▶ _Dataset records_:
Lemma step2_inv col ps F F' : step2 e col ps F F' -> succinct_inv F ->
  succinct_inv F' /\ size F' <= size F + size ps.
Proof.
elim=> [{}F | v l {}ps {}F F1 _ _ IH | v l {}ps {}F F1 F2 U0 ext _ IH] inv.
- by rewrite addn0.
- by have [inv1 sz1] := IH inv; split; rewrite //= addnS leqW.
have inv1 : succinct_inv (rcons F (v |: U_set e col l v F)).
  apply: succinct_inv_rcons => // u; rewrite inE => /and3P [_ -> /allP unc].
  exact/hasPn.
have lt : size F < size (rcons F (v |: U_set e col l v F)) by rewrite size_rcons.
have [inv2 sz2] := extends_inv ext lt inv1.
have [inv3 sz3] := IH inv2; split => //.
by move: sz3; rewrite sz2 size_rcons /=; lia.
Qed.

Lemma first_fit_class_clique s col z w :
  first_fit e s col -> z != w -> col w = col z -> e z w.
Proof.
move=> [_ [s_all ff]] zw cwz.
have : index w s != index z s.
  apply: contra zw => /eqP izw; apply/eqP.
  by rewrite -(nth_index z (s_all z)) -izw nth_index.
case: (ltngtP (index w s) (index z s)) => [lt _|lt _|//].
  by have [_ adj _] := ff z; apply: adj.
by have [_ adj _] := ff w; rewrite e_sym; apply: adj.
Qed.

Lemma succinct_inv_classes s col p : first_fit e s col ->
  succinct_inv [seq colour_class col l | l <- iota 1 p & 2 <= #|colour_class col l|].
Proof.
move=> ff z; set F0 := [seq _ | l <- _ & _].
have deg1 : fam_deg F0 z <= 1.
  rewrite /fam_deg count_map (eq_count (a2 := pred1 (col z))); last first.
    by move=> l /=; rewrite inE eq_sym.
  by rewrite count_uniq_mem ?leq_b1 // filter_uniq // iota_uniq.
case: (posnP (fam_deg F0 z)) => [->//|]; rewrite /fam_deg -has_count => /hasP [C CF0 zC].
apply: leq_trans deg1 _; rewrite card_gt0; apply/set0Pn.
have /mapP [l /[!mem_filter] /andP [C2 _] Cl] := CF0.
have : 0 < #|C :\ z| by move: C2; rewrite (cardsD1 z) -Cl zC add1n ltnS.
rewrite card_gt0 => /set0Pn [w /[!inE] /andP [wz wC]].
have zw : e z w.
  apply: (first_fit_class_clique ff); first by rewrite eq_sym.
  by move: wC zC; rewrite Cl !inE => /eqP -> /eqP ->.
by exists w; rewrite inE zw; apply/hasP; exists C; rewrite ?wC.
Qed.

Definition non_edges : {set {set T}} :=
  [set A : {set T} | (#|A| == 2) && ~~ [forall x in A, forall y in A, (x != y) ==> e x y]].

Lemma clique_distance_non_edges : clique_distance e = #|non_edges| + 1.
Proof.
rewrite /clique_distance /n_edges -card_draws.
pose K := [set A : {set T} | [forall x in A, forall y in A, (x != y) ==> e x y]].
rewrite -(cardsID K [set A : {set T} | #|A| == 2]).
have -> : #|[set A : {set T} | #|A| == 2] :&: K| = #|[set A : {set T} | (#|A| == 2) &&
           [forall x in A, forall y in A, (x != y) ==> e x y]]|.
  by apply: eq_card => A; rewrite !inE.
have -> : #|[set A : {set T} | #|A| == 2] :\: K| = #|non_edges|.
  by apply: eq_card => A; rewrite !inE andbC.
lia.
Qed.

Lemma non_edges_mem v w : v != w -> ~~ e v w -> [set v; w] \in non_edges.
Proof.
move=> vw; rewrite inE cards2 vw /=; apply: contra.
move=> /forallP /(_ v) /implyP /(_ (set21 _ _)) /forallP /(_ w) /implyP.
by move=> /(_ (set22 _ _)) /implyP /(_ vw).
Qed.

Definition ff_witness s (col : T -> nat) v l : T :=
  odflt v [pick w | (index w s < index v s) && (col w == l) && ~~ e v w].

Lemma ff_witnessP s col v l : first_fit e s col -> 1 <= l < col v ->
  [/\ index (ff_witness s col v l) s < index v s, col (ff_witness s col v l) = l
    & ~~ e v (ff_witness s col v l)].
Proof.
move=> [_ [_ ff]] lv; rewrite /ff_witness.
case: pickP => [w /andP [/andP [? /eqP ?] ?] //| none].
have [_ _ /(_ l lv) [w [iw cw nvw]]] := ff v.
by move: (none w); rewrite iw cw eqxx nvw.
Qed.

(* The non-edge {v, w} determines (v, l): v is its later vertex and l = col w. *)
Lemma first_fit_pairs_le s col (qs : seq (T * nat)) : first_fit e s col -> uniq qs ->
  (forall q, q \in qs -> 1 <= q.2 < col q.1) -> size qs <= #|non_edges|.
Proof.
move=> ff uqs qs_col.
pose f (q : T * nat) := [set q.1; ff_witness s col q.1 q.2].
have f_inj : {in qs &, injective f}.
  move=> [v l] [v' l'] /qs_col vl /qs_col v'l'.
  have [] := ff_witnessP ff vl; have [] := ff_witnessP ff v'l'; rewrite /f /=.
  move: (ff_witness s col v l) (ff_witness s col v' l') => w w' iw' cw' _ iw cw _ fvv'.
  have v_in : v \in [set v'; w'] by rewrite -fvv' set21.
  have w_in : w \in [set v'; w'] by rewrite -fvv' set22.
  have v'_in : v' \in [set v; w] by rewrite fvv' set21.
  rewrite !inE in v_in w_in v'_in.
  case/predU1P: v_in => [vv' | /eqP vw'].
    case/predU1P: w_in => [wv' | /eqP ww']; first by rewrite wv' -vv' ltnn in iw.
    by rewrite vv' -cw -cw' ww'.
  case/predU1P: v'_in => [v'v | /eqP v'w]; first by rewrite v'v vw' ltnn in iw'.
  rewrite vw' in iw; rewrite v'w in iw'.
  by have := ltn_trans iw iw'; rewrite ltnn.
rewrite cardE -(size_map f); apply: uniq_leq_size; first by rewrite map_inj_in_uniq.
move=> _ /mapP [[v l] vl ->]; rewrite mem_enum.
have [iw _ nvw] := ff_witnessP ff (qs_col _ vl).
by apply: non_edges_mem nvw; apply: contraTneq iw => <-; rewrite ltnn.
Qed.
--
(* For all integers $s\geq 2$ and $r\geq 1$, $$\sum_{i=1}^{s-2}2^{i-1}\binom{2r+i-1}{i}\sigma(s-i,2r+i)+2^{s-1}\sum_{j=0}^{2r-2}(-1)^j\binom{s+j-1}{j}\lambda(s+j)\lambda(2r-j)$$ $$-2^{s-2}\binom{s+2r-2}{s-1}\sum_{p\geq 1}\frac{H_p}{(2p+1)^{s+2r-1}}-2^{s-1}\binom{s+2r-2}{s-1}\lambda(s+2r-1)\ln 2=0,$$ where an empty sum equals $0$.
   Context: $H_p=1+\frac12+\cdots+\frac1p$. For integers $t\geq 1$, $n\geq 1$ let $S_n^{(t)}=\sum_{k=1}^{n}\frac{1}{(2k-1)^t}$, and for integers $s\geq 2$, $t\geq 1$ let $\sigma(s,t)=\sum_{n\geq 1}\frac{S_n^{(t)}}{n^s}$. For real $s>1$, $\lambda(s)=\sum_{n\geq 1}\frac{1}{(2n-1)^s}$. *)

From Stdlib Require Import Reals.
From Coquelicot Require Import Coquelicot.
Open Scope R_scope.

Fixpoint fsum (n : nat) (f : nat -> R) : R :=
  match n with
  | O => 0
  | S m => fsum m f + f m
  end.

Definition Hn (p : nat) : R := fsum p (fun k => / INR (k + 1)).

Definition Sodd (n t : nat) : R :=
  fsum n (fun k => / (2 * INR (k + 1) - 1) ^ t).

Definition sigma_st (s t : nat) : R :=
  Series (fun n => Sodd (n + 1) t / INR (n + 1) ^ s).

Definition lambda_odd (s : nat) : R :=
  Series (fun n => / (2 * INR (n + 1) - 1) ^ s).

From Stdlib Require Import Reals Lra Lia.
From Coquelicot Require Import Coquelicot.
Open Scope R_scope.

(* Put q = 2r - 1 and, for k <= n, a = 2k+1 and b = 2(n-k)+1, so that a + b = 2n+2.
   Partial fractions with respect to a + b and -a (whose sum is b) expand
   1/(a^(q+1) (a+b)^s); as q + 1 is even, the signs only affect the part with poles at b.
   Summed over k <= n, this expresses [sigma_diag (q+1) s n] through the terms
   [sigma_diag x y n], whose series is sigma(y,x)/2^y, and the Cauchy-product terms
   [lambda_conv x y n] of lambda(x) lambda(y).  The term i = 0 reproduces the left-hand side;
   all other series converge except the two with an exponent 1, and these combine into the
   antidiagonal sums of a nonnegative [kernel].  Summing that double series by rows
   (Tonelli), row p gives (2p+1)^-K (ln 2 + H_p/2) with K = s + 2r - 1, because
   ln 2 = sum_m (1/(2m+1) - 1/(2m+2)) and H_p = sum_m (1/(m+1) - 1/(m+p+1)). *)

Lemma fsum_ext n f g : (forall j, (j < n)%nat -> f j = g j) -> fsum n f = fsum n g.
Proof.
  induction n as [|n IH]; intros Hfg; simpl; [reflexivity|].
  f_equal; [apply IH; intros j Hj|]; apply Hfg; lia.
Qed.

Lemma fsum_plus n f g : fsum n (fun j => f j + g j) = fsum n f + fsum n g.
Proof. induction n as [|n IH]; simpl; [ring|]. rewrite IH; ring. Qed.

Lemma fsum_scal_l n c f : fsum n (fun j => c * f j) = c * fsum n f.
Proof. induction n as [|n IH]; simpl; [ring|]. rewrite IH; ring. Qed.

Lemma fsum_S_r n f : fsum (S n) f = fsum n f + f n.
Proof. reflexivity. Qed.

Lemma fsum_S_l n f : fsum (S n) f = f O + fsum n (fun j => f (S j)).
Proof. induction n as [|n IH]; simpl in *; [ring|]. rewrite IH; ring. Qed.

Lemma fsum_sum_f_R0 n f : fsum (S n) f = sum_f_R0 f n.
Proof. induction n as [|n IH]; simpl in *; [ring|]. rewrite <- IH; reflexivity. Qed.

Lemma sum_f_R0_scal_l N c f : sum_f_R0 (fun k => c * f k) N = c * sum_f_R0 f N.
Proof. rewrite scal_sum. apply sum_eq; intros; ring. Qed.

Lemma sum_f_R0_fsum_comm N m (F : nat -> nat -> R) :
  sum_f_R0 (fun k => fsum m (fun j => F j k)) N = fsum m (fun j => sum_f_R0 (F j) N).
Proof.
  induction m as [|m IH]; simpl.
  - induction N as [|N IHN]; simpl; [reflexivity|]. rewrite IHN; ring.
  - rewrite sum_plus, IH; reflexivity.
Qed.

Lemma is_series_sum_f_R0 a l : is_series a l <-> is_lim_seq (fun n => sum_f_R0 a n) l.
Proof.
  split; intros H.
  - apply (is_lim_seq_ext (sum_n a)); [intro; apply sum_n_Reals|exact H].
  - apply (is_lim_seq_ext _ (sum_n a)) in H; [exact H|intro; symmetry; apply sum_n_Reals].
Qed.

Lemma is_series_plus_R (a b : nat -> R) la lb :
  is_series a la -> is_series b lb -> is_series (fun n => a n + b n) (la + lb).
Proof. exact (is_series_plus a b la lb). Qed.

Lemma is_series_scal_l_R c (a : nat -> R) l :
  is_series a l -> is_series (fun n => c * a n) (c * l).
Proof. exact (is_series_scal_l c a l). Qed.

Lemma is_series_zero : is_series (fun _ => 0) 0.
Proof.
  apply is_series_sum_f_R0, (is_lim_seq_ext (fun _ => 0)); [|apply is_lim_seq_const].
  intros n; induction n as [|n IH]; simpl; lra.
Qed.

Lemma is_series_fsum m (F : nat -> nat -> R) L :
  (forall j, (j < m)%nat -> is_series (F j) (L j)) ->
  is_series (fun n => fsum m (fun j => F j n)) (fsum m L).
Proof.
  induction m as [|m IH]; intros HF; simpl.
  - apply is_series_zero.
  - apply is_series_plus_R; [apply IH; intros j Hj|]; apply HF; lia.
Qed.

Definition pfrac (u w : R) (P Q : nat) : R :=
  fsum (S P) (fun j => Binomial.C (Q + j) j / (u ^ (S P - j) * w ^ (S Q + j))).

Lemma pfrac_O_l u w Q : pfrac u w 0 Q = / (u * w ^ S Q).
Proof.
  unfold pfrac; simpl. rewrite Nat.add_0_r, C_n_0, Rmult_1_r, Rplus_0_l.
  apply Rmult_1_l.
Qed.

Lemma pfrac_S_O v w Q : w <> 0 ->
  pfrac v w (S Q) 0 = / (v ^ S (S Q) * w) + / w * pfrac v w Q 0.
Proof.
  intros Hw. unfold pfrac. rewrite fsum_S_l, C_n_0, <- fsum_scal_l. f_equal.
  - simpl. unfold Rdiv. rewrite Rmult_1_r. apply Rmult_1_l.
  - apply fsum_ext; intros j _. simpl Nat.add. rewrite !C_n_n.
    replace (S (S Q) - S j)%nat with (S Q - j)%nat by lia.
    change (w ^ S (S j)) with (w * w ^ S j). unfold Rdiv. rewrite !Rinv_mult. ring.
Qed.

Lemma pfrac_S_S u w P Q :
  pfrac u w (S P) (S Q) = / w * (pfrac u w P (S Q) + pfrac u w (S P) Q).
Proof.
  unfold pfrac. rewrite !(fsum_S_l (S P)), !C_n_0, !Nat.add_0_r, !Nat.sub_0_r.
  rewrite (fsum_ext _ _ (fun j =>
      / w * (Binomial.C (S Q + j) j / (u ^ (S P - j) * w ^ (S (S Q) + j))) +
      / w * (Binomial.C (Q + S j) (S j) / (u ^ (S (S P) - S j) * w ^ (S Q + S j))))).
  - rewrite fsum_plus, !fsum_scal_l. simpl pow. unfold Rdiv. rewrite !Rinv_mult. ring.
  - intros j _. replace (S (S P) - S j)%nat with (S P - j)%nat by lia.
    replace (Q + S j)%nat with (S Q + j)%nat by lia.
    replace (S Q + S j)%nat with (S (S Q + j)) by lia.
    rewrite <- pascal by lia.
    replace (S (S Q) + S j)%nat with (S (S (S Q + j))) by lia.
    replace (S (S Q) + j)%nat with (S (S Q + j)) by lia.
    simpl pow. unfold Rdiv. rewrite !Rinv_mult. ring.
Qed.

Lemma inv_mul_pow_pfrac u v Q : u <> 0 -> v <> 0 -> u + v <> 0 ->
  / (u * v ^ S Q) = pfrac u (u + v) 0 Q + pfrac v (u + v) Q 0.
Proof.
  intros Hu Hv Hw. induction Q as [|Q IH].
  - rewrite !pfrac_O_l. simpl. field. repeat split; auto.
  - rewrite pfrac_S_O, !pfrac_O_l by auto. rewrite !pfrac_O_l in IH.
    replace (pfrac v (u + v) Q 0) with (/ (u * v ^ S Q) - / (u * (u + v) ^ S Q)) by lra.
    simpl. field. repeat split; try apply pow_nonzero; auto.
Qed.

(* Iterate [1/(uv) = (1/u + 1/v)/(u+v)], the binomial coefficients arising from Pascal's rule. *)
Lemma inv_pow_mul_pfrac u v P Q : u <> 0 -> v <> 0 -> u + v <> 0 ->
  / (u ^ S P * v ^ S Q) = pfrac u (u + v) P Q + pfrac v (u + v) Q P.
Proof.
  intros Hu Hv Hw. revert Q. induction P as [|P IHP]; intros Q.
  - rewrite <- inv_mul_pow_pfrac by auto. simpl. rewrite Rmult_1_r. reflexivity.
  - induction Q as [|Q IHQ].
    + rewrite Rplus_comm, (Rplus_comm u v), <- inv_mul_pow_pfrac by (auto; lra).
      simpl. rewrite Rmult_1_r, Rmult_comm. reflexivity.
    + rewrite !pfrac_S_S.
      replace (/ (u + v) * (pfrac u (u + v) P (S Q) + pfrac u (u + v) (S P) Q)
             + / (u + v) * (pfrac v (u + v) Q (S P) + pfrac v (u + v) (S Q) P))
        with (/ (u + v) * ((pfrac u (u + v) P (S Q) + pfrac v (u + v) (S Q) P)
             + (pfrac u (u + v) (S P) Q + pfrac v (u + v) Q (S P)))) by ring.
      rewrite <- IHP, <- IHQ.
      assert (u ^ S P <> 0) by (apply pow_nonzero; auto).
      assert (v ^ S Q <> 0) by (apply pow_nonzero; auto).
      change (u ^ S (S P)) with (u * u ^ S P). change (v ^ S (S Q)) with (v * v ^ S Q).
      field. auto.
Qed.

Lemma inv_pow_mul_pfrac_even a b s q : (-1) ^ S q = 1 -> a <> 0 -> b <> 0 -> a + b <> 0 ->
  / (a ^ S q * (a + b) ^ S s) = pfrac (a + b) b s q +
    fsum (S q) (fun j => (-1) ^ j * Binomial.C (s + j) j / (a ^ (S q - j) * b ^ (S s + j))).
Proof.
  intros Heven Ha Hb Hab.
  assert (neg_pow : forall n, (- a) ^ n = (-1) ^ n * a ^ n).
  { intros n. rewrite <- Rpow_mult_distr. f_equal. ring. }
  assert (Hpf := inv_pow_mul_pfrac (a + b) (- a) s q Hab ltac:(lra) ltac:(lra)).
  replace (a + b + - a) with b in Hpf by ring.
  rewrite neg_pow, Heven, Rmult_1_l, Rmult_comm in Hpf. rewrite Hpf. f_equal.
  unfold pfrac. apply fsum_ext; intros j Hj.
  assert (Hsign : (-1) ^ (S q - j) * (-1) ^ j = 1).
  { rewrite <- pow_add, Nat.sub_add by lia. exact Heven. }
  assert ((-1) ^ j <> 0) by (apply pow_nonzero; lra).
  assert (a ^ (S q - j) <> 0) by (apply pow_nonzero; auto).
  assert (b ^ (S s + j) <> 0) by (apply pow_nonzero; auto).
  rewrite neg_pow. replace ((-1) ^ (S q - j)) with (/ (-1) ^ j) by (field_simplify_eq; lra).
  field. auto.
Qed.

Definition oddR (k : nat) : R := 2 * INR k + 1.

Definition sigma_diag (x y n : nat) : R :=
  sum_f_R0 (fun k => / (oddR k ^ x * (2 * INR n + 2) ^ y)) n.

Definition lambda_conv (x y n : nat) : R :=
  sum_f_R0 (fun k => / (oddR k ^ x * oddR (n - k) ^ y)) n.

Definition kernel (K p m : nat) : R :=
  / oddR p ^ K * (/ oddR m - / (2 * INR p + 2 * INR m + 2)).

▶ _Work to be completed_: The word to find is "repeat". Copy every line of the records that holds it.

▶ _Answer box_:
  - rewrite !pfrac_O_l. simpl. field. repeat split; auto.
    simpl. field. repeat split; try apply pow_nonzero; auto.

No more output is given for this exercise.